+++ Information given

Lemma exp_neg_taylor_derive K s :
  is_derive (exp_neg_taylor (S K)) s (- exp_neg_taylor K s).
Proof.
  induction K as [|K IH].
  - unfold exp_neg_taylor; simpl. auto_derive; auto. field.
  - assert (Hterm : is_derive (fun t => (- t) ^ S (S K) / INR (fact (S (S K)))) s
                      (- ((- s) ^ S K / INR (fact (S K))))).
    { apply (is_derive_eq _ _ (scal (-1) ((- s) ^ S K / INR (fact (S K)))));
        [|unfold scal; simpl; unfold mult; simpl; ring].
      apply (is_derive_comp (fun u => u ^ S (S K) / INR (fact (S (S K)))) Ropp).
      - apply is_derive_pow_div_fact.
      - auto_derive; auto. }
    apply (is_derive_eq _ _ (- exp_neg_taylor K s + - ((- s) ^ S K / INR (fact (S K)))));
      [|unfold exp_neg_taylor; rewrite (tech5 _ K); ring].
    apply (is_derive_plus (exp_neg_taylor (S K))
             (fun t => (- t) ^ S (S K) / INR (fact (S (S K))))); auto.
Qed.
Lemma sandwichable_ev l k r : ev_coherent l -> ev_coherent k -> ev_coherent r ->
  k = gl l \/ k = gr l -> k = gl r \/ k = gr r ->
  sandwichable (mul op) (T1 T) (ev l) (ev k) (ev r).
Proof. intros (Tl & _ & Hl) (Tk & Hk & _) (Tr & _ & Hr) Hkl Hkr; split; auto. Qed.

Lemma ev_coherent_inGam i g : inGam i g -> ev_coherent g.
Proof.
  revert i; induction g as [|x|l IHl k IHk r IHr]; intros i Hg.
  - split; [exact I | split; [reflexivity | now intros v [-> | ->]]].
  - split; [apply T_phi | split].
    + simpl; now rewrite phi_idem.
    + intros v [-> | ->]; simpl; now rewrite phi_idem.
  - destruct (inGam_gtrip Hg) as (j & _ & Hl & Hk & Hr & _ & Hkl & Hkr).
    assert (Hs := sandwichable_ev (IHl _ Hl) (IHk _ Hk) (IHr _ Hr) Hkl Hkr).
    split; [|split].
    + exact (sandwich_in mA T1_reg Hs).
    + exact (sandwich_idem mA T1_reg Hs).
    + intros v [-> | ->]; [exact (sandwich_left mA T1_reg Hs) | exact (sandwich_right mA T1_reg Hs)].
Qed.

Lemma ev_T1 g : inGamma g -> T1 T (ev g).
Proof. intros [i Hg]; apply (ev_coherent_inGam Hg). Qed.

Lemma ev_idem g : inGamma g -> ev g ⋅ ev g = ev g.
Proof. intros [i Hg]; apply (ev_coherent_inGam Hg). Qed.

Lemma ev_covers u v : covers u v -> ev u ⋅ ev v ⋅ ev u = ev u.
Proof. intros (i & Hu & Hv); now apply (ev_coherent_inGam Hu). Qed.

Lemma ev_sandwichable i l k r : inGam i (gtrip l k r) ->
  sandwichable (mul op) (T1 T) (ev l) (ev k) (ev r).
Proof.
  intro Hg; destruct (inGam_gtrip Hg) as (j & _ & Hl & Hk & Hr & _ & Hkl & Hkr).
  apply sandwichable_ev; eauto using ev_coherent_inGam.
Qed.

Lemma ev_word_T1 w : Forall (@inGamma X) w -> T1 T (ev_word w).
Proof.
  induction 1 as [|g w Hg _ IH]; [exact I|].
  apply (proj1 T1_reg); [apply ev_T1|]; assumption.
Qed.

Lemma ev_word_rho u v : rho u v -> ev_word u = ev_word v.
Proof.
  induction 1 as [u v Huv | u | u v _ IH | u v w _ IH1 _ IH2 | a b u v _ IH].
  - destruct Huv as [g _ | g _ | g Hg | i g Hi Hg | i g Hi Hg | i g Hi Hg];
      cbn [ev_word]; rewrite ?mul1r; [reflexivity | reflexivity | apply ev_idem, Hg | ..];
      destruct (inGam_gtrip_of Hi Hg) as (l & k & r & ->);
      pose proof (ev_sandwichable Hg) as Hs; cbn [gl gc gr]; rewrite ev_gtrip, ?mA.
    + exact (sandwich_left_absorb mA Hs).
    + exact (sandwich_right_absorb mA Hs).
    + exact (sandwich_mid_absorb mA T1_reg Hs).
  - reflexivity.
  - now symmetry.
  - now rewrite IH1.
  - now rewrite !ev_word_app, IH.
Qed.

Lemma descending_absorb p B : descending (p :: B) -> inGamma p ->
  ev p ⋅ ev_word B ⋅ (ev_word (rev B) ⋅ ev p) = ev p.
Proof.
  revert p; induction B as [|q B IH]; intros p HB Hp.
  - simpl; rewrite mul1r; exact (ev_idem Hp).
  - destruct HB as [Hpq HB].
    simpl rev; rewrite ev_word_app, ev_word_single.
    transitivity (ev p ⋅ (ev q ⋅ ev_word B ⋅ (ev_word (rev B) ⋅ ev q)) ⋅ ev p).
    + simpl; now rewrite !mA.
    + rewrite IH by (assumption || apply (covers_inGamma Hpq)).
      exact (ev_covers Hpq).
Qed.

Lemma mountain_regular w : mountain w -> ev_word w ⋅ ev_word (rev w) ⋅ ev_word w = ev_word w.
Proof.
  intros (A & p & B & -> & Hp & HA & HB).
  pose proof (descending_absorb HA Hp) as KA.
  pose proof (descending_absorb HB Hp) as KB.
  rewrite rev_app_distr, rev_involutive; simpl rev.
  rewrite !ev_word_app, ev_word_single; simpl ev_word.
  transitivity (ev_word (rev A) ⋅ (ev p ⋅ ev_word B ⋅ (ev_word (rev B) ⋅ ev p)) ⋅ ev_word A
                ⋅ ev_word (rev A) ⋅ (ev p ⋅ ev_word B)); [now rewrite !mA|].
  rewrite KB.
  transitivity (ev_word (rev A) ⋅ (ev p ⋅ ev_word A ⋅ (ev_word (rev A) ⋅ ev p)) ⋅ ev_word B);
    [now rewrite !mA|].
  now rewrite KA, mA.
Qed.

Lemma descending_step_up p B v : descending (p :: B) -> covers v (last (p :: B) gone) ->
  exists B', ev_word (p :: B') = ev_word (p :: B) ⋅ ev v /\ last (p :: B') gone = v /\
    (descending (p :: B') \/
     exists g B'', B' = g :: B'' /\ covers g p /\ descending (g :: B'')).
Proof.
  revert p; induction B as [|q B IH]; intros p HB Hv.
  - exists [v]; simpl; rewrite !mul1r.
    split; [reflexivity | split; [reflexivity | right; now exists v, []]].
  - destruct HB as [Hpq HB].
    destruct (IH q HB Hv) as (B1 & E1 & L1 & [HB1 | (g & B2 & -> & Hgq & HB2)]).
    + exists (q :: B1); split; [|split; [exact L1 | left; now split]].
      change (ev p ⋅ ev_word (q :: B1) = ev p ⋅ ev_word (q :: B) ⋅ ev v).
      now rewrite E1, mA.
    + assert (E : ev_word (p :: q :: B) ⋅ ev v = ev p ⋅ ev q ⋅ ev g ⋅ ev_word B2).
      { transitivity (ev p ⋅ (ev_word (q :: B) ⋅ ev v)); [symmetry; apply mA|].
        rewrite <- E1; simpl; now rewrite !mA. }
      (* Either the chain folds back (p q p = p), or the branches through q are joined
         by the triple (g, q, p), a new peak above p. *)
      destruct (classic (g = p)) as [-> | Hgp].
      * exists B2; split; [|split; [exact L1 | now left]].
        rewrite E, (ev_covers Hpq); reflexivity.
      * destruct (covers_gtrip Hpq Hgq (not_eq_sym Hgp)) as [Hkp Hkg].
        exists (gtrip g q p :: g :: B2); split; [|split; [exact L1 | right]].
        -- pose proof Hkp as (i & Hk & _).
           rewrite E, <- (sandwich_bridge mA T1_reg (ev_sandwichable Hk)), <- ev_gtrip.
           cbn [ev_word]; now rewrite !mA.
        -- exists (gtrip g q p), (g :: B2); now repeat split.
Qed.

Lemma mountain_step_up w v : mountain w -> covers v (last w gone) ->
  exists w', mountain w' /\ ev_word w' = ev_word w ⋅ ev v /\ last w' gone = v.
Proof.
  intros (A & p & B & -> & Hp & HA & HB) Hv.
  rewrite last_app in Hv.
  destruct (descending_step_up HB Hv) as (B' & E & L & HB').
  exists (rev A ++ p :: B'); split; [|split].
  - destruct HB' as [HB' | (g & B'' & -> & Hgp & HB'')]; [now exists A, p, B'|].
    exists (p :: A), g, B''; simpl rev; rewrite <- app_assoc.
    split; [reflexivity | split; [apply (covers_inGamma Hgp) | now split]].
  - now rewrite !ev_word_app, E, mA.
  - now rewrite last_app.
Qed.

Lemma ev_word_last_idem w : Forall (@inGamma X) w -> w <> [] ->
  ev_word w ⋅ ev (last w gone) = ev_word w.
Proof.
  intros Hw Hne; destruct (exists_last Hne) as (w' & g & ->).
  apply Forall_app in Hw as [_ Hg%Forall_inv].
  now rewrite last_last, ev_word_app, ev_word_single, <- mA, ev_idem.
Qed.

Lemma mountain_climb g D w : descending (g :: D) -> mountain w ->
  last w gone = last (g :: D) gone ->
  exists w', mountain w' /\ last w' gone = g /\ ev_word w' = ev_word w ⋅ ev_word (rev (g :: D)).
Proof.
  revert g w; induction D as [|d D IH]; intros g w HD Hw Hl.
  - exists w; split; [assumption | split; [exact Hl|]].
    simpl in Hl |- *; rewrite mul1r, <- Hl.
    symmetry; apply ev_word_last_idem; [apply mountain_inGamma | apply mountain_nonempty]; assumption.
  - destruct HD as [Hgd HD].
    destruct (IH d w HD Hw Hl) as (w1 & Hw1 & L1 & E1).
    rewrite <- L1 in Hgd.
    destruct (mountain_step_up Hw1 Hgd) as (w' & Hw' & E' & L').
    exists w'; split; [assumption | split; [exact L'|]].
    change (rev (g :: d :: D)) with (rev (d :: D) ++ [g]).
    now rewrite E', E1, ev_word_app, ev_word_single, mA.
Qed.

Lemma descent_right i g : inGam i g ->
  exists D, descending (g :: D) /\ last (g :: D) gone = gone /\ ev_word (g :: D) = ev g.
Proof.
  revert i; induction g as [|x|l _ k IHk r _]; intros i Hg.
  - now exists [].
  - exists [gone]; split; [|split; reflexivity].
    split; [|exact I]. exists 0; split; [now exists x | now left].
  - destruct (inGam_gtrip Hg) as (j & -> & Hl & Hk & Hr & _ & _ & Hkr).
    destruct (IHk _ Hk) as (D & HD & L & E).
    exists (r :: k :: D); split; [|split; [exact L|]].
    + split; [exists (S j); split; [exact Hg | now right]|].
      split; [exists j; split; assumption | exact HD].
    + transitivity (ev (gtrip l k r) ⋅ ev r ⋅ ev_word (k :: D)); [apply mA|].
      rewrite E, ev_gtrip; exact (sandwich_right_absorb mA (ev_sandwichable Hg)).
Qed.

++++++

Your goal:
Restate word for word the entries above from the line with "Lemma ev_covers u" through the line with "transitivity (ev_word (rev A) ⋅ (ev p ⋅ ev_word B", inclusive, leaving out everything else.

Exercise response:
Lemma ev_covers u v : covers u v -> ev u ⋅ ev v ⋅ ev u = ev u.
Proof. intros (i & Hu & Hv); now apply (ev_coherent_inGam Hu). Qed.

Lemma ev_sandwichable i l k r : inGam i (gtrip l k r) ->
  sandwichable (mul op) (T1 T) (ev l) (ev k) (ev r).
Proof.
  intro Hg; destruct (inGam_gtrip Hg) as (j & _ & Hl & Hk & Hr & _ & Hkl & Hkr).
  apply sandwichable_ev; eauto using ev_coherent_inGam.
Qed.

Lemma ev_word_T1 w : Forall (@inGamma X) w -> T1 T (ev_word w).
Proof.
  induction 1 as [|g w Hg _ IH]; [exact I|].
  apply (proj1 T1_reg); [apply ev_T1|]; assumption.
Qed.

Lemma ev_word_rho u v : rho u v -> ev_word u = ev_word v.
Proof.
  induction 1 as [u v Huv | u | u v _ IH | u v w _ IH1 _ IH2 | a b u v _ IH].
  - destruct Huv as [g _ | g _ | g Hg | i g Hi Hg | i g Hi Hg | i g Hi Hg];
      cbn [ev_word]; rewrite ?mul1r; [reflexivity | reflexivity | apply ev_idem, Hg | ..];
      destruct (inGam_gtrip_of Hi Hg) as (l & k & r & ->);
      pose proof (ev_sandwichable Hg) as Hs; cbn [gl gc gr]; rewrite ev_gtrip, ?mA.
    + exact (sandwich_left_absorb mA Hs).
    + exact (sandwich_right_absorb mA Hs).
    + exact (sandwich_mid_absorb mA T1_reg Hs).
  - reflexivity.
  - now symmetry.
  - now rewrite IH1.
  - now rewrite !ev_word_app, IH.
Qed.

Lemma descending_absorb p B : descending (p :: B) -> inGamma p ->
  ev p ⋅ ev_word B ⋅ (ev_word (rev B) ⋅ ev p) = ev p.
Proof.
  revert p; induction B as [|q B IH]; intros p HB Hp.
  - simpl; rewrite mul1r; exact (ev_idem Hp).
  - destruct HB as [Hpq HB].
    simpl rev; rewrite ev_word_app, ev_word_single.
    transitivity (ev p ⋅ (ev q ⋅ ev_word B ⋅ (ev_word (rev B) ⋅ ev q)) ⋅ ev p).
    + simpl; now rewrite !mA.
    + rewrite IH by (assumption || apply (covers_inGamma Hpq)).
      exact (ev_covers Hpq).
Qed.

Lemma mountain_regular w : mountain w -> ev_word w ⋅ ev_word (rev w) ⋅ ev_word w = ev_word w.
Proof.
  intros (A & p & B & -> & Hp & HA & HB).
  pose proof (descending_absorb HA Hp) as KA.
  pose proof (descending_absorb HB Hp) as KB.
  rewrite rev_app_distr, rev_involutive; simpl rev.
  rewrite !ev_word_app, ev_word_single; simpl ev_word.
  transitivity (ev_word (rev A) ⋅ (ev p ⋅ ev_word B ⋅ (ev_word (rev B) ⋅ ev p)) ⋅ ev_word A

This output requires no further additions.